Monitor Embedding Drift with WhyLabs Observatory

At this point, we have a trained model, reference embeddings, and a whylogs resolver defined to extract the information we want from our embeddings. In order to see the power of measuring embeddings distances, we’ll create a scenario where we are using our classifier to predict the class of document it learned from our training set.

Let’s define a series of news article batches to transform and send to our model. First, we’ll add some perturbation towards the latter end of batches, and we’ll do this by taking a percentage of articles and translating them into Spanish before transforming them and running our classifier.

To speed things up, let’s download the production data from a public S3 bucket. That way, we won’t have to translate or tokenize the documents ourselves.

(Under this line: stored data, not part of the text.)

(* Let $A$ be a braided group in $\mathcal C$, $B$ a braided group in $\mathcal{YD}(\mathcal C)^A_A$, and $C$ a braided group in $\mathcal{YD}(\mathcal C)^{A\rtimes B}_{A\rtimes B}$, which is identified (as a braided category) with $\mathcal{YD}(\mathcal{YD}(\mathcal C)^A_A)^B_B$ via the action $\mu^B_r\circ(\mu^A_r\otimes B)$ and coaction $(\Delta^A_r\otimes B)\circ\Delta^B_r$. Then the braided groups $(A\rtimes B)\rtimes C$ and $A\rtimes(B\rtimes C)$ in $\mathcal C$, both with underlying object $A\otimes B\otimes C$, coincide.
   Context: $\mathcal C$ is a braided monoidal category, assumed strict, with tensor product $\otimes$ and braiding $\Psi$. A braided group in a braided category $(\mathcal D,\Phi)$ is a bialgebra $(A,\mu,\eta,\Delta,\epsilon)$ (with $\Delta\circ\mu=(\mu\otimes\mu)\circ(A\otimes\Phi_{A,A}\otimes A)\circ(\Delta\otimes\Delta)$ and unit/counit compatibilities) with antipode. For a bialgebra $A$ in $(\mathcal D,\Phi)$, $\mathcal{YD}(\mathcal D)^A_A$ is the braided category of right crossed modules: right modules $\mu_r$ and comodules $\Delta_r$ with $(X\otimes\mu)\circ(\Phi_{A,X}\otimes A)\circ(A\otimes(\Delta_r\circ\mu_r))\circ(\Phi_{X,A}\otimes A)\circ(X\otimes\Delta)=(\mu_r\otimes\mu)\circ(X\otimes\Phi_{A,A}\otimes A)\circ(\Delta_r\otimes\Delta)$, with tensor product action $(\mu^X_r\otimes\mu^Y_r)\circ(X\otimes\Phi_{Y,A}\otimes A)\circ(X\otimes Y\otimes\Delta)$, coaction $(X\otimes Y\otimes\mu)\circ(X\otimes\Phi_{A,Y}\otimes A)\circ(\Delta^X_r\otimes\Delta^Y_r)$, and braiding $(Y\otimes\mu^X_r)\circ(\Phi_{X,Y}\otimes A)\circ(X\otimes\Delta^Y_r)$. For a braided group $A$ in $(\mathcal D,\Phi)$ and a braided group $B$ in $\mathcal{YD}(\mathcal D)^A_A$ (action $\mu^B_r$, coaction $\Delta^B_r$), the cross product $A\rtimes B$ is the braided group in $\mathcal D$ on $A\otimes B$ with multiplication $(\mu_A\otimes\mu_B)\circ(A\otimes A\otimes\mu^B_r\otimes B)\circ(A\otimes\Phi_{B,A}\otimes A\otimes B)\circ(A\otimes B\otimes\Delta_A\otimes B)$, unit $\eta_A\otimes\eta_B$, comultiplication $(A\otimes B\otimes\mu_A\otimes B)\circ(A\otimes\Phi_{A,B}\otimes A\otimes B)\circ(A\otimes A\otimes\Delta^B_r\otimes B)\circ(\Delta_A\otimes\Delta_B)$, counit $\epsilon_A\otimes\epsilon_B$. Here $B\rtimes C$ is formed in $\mathcal D=\mathcal{YD}(\mathcal C)^A_A$ and is a braided group there. *)

(* Data.  Strictness is encoded by the (propositional) object equalities
   [tensA], [tens1l], [tens1r]; morphisms are transported along them with
   [cast] below. *)
Record bsmcat := BSMCat {
  Ob : Type;
  Hom : Ob -> Ob -> Type;
  idm : forall a, Hom a a;
  comp : forall a b c, Hom b c -> Hom a b -> Hom a c;
  tens : Ob -> Ob -> Ob;
  tunit : Ob;
  tm : forall a b c d, Hom a b -> Hom c d -> Hom (tens a c) (tens b d);
  braid : forall a b, Hom (tens a b) (tens b a);
  tensA : forall a b c, tens a (tens b c) = tens (tens a b) c;
  tens1l : forall a, tens tunit a = a;
  tens1r : forall a, tens a tunit = a
}.

Arguments Hom {_} _ _.
Arguments idm {_} _.
Arguments comp {_ _ _ _} _ _.
Arguments tens {_} _ _.
Arguments tunit {_}.
Arguments tm {_ _ _ _ _} _ _.
Arguments braid {_} _ _.
Arguments tensA {_} _ _ _.
Arguments tens1l {_} _.
Arguments tens1r {_} _.

Declare Scope cat_scope.
Open Scope cat_scope.
Notation "g ∘ f" := (comp g f) (at level 40, left associativity) : cat_scope.
Notation "f ⊗ g" := (tm f g) (at level 35, right associativity) : cat_scope.
Notation "a ⊗ₒ b" := (tens a b) (at level 35, right associativity) : cat_scope.

Definition cast {C : bsmcat} {x y : Ob C} (e : x = y) : Hom x y :=
  match e in _ = z return Hom x z with eq_refl => idm x end.

Record is_bsmcat (C : bsmcat) : Prop := {
  compA : forall (a b c d : Ob C) (f : Hom a b) (g : Hom b c) (h : Hom c d),
      h ∘ (g ∘ f) = (h ∘ g) ∘ f;
  comp1l : forall (a b : Ob C) (f : Hom a b), idm b ∘ f = f;
  comp1r : forall (a b : Ob C) (f : Hom a b), f ∘ idm a = f;
  tm_comp : forall (a b c a' b' c' : Ob C) (f : Hom a b) (g : Hom b c)
      (f' : Hom a' b') (g' : Hom b' c'), (g ∘ f) ⊗ (g' ∘ f') = (g ⊗ g') ∘ (f ⊗ f');
  tm_id : forall a b : Ob C, idm a ⊗ idm b = idm (a ⊗ₒ b);
  tmA : forall (a b c d e f : Ob C) (x : Hom a b) (y : Hom c d) (z : Hom e f),
      cast (tensA b d f) ∘ (x ⊗ (y ⊗ z)) = ((x ⊗ y) ⊗ z) ∘ cast (tensA a c e);
  tm1l : forall (a b : Ob C) (f : Hom a b),
      cast (tens1l b) ∘ (idm tunit ⊗ f) = f ∘ cast (tens1l a);
  tm1r : forall (a b : Ob C) (f : Hom a b),
      cast (tens1r b) ∘ (f ⊗ idm tunit) = f ∘ cast (tens1r a);
  braid_nat : forall (a b c d : Ob C) (f : Hom a c) (g : Hom b d),
      braid c d ∘ (f ⊗ g) = (g ⊗ f) ∘ braid a b;
  braid_iso : forall a b : Ob C, exists g : Hom (b ⊗ₒ a) (a ⊗ₒ b),
      g ∘ braid a b = idm _ /\ braid a b ∘ g = idm _;
  hex1 : forall a b c : Ob C,
      braid a (b ⊗ₒ c) = cast (tensA b c a) ∘ (idm b ⊗ braid a c)
        ∘ cast (eq_sym (tensA b a c)) ∘ (braid a b ⊗ idm c) ∘ cast (tensA a b c);
  hex2 : forall a b c : Ob C,
      braid (a ⊗ₒ b) c = cast (eq_sym (tensA c a b)) ∘ (braid a c ⊗ idm b)
        ∘ cast (tensA a c b) ∘ (idm a ⊗ braid b c) ∘ cast (eq_sym (tensA a b c))
}.

(* All rebracketings below are casts along object equalities; which proof of
   the equality is used is irrelevant (proof irrelevance), we let a tactic
   produce one. *)
Ltac oeq := rewrite ?tens1l, ?tens1r; rewrite ?tensA; reflexivity.
Notation "'κ'" := (cast _) : cat_scope.

(** * Braided groups (bialgebras with antipode) w.r.t. a given self-braiding
    [Phi] of the underlying object.  (Only [Phi_{X,X}] enters the axioms.) *)
Definition bgroup {C : bsmcat} (X : Ob C) (Phi : Hom (X ⊗ₒ X) (X ⊗ₒ X))
  (mu : Hom (X ⊗ₒ X) X) (eta : Hom tunit X) (De : Hom X (X ⊗ₒ X))
  (ep : Hom X tunit) (S : Hom X X) : Prop.
refine (
  mu ∘ (mu ⊗ idm X) ∘ κ = mu ∘ (idm X ⊗ mu) /\
  mu ∘ (eta ⊗ idm X) = cast (tens1l X) /\
  mu ∘ (idm X ⊗ eta) = cast (tens1r X) /\
  κ ∘ (De ⊗ idm X) ∘ De = (idm X ⊗ De) ∘ De /\
  (ep ⊗ idm X) ∘ De = cast (eq_sym (tens1l X)) /\
  (idm X ⊗ ep) ∘ De = cast (eq_sym (tens1r X)) /\
  De ∘ mu = (mu ⊗ mu) ∘ κ ∘ (idm X ⊗ (Phi ⊗ idm X)) ∘ κ ∘ (De ⊗ De) /\
  ep ∘ mu = cast (tens1l tunit) ∘ (ep ⊗ ep) /\
  De ∘ eta = (eta ⊗ eta) ∘ cast (eq_sym (tens1l tunit)) /\
  ep ∘ eta = idm tunit /\
  mu ∘ (S ⊗ idm X) ∘ De = eta ∘ ep /\
  mu ∘ (idm X ⊗ S) ∘ De = eta ∘ ep).
all: oeq.
Defined.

The dataframe below contains 5,306 documents—2,653 in English and 2,653 in Spanish. The Spanish documents were obtained by simply translating the English ones. Documents that have the same “doc_id” refer to the same document in different languages. We’ll also define a method to inject some interesting scenarios when we profile our data later.

download_url = "https://whylabs-public.s3.us-west-2.amazonaws.com/whylogs_examples/Newsgroups/production_en_es.parquet"
prod_df = pd.read_parquet(download_url)
language_perturbation_ratio = [0,0,0,0,0.33,0.66,1]

def get_docs_by_language_ratio(batch_df, ratio):
    n_docs = len(batch_df[batch_df["language"] == "en"])
    n_es_docs = int(n_docs * ratio)
    n_en_docs = n_docs - n_es_docs
    en_df = batch_df[batch_df["language"] == "en"].sample(n_en_docs)    
    es_df = batch_df[~batch_df['doc_id'].isin(en_df["doc_id"])]
    
    # filter out docs with doc_id in en_df
    es_df = es_df[es_df["language"] == "es"].sample(n_es_docs)
    docs = pd.concat([en_df, es_df])
return docs

Next, we want to define our WhyLabs organization, project ID, and API key that will be used to store and process our batches.

import os
os.environ["WHYLABS_DEFAULT_ORG_ID"] = "ORG-ID"
os.environ["WHYLABS_API_KEY"] = "API-Key"
os.environ["WHYLABS_DEFAULT_DATASET_ID"] = "PROJECT-ID"

Now that we have our authentication defined, we’ll separate our dataset into individual batches denoting a day’s worth of data. We’ll create a dataframe for each day with the raw inputs, tokens from our document, embeddings produced, and the output received from our model.

Afterwards, we’ll profile each dataframe and backdate it to show a progression towards the drift and model degradation we’re expecting.

from datetime import datetime,timedelta, timezone
import whylogs as why
from whylogs.api.writer.whylabs import WhyLabsWriter
import random

writer = WhyLabsWriter()

for day, batch_df in prod_df.groupby("batch_id"):
    batch_df['tokens'] = batch_df['tokens'].apply(lambda x: x.tolist())

    dataset_timestamp = datetime.now() - timedelta(days=6-day)
    dataset_timestamp = dataset_timestamp.replace(hour=0, minute=0, second=0, microsecond=0, tzinfo = timezone.utc)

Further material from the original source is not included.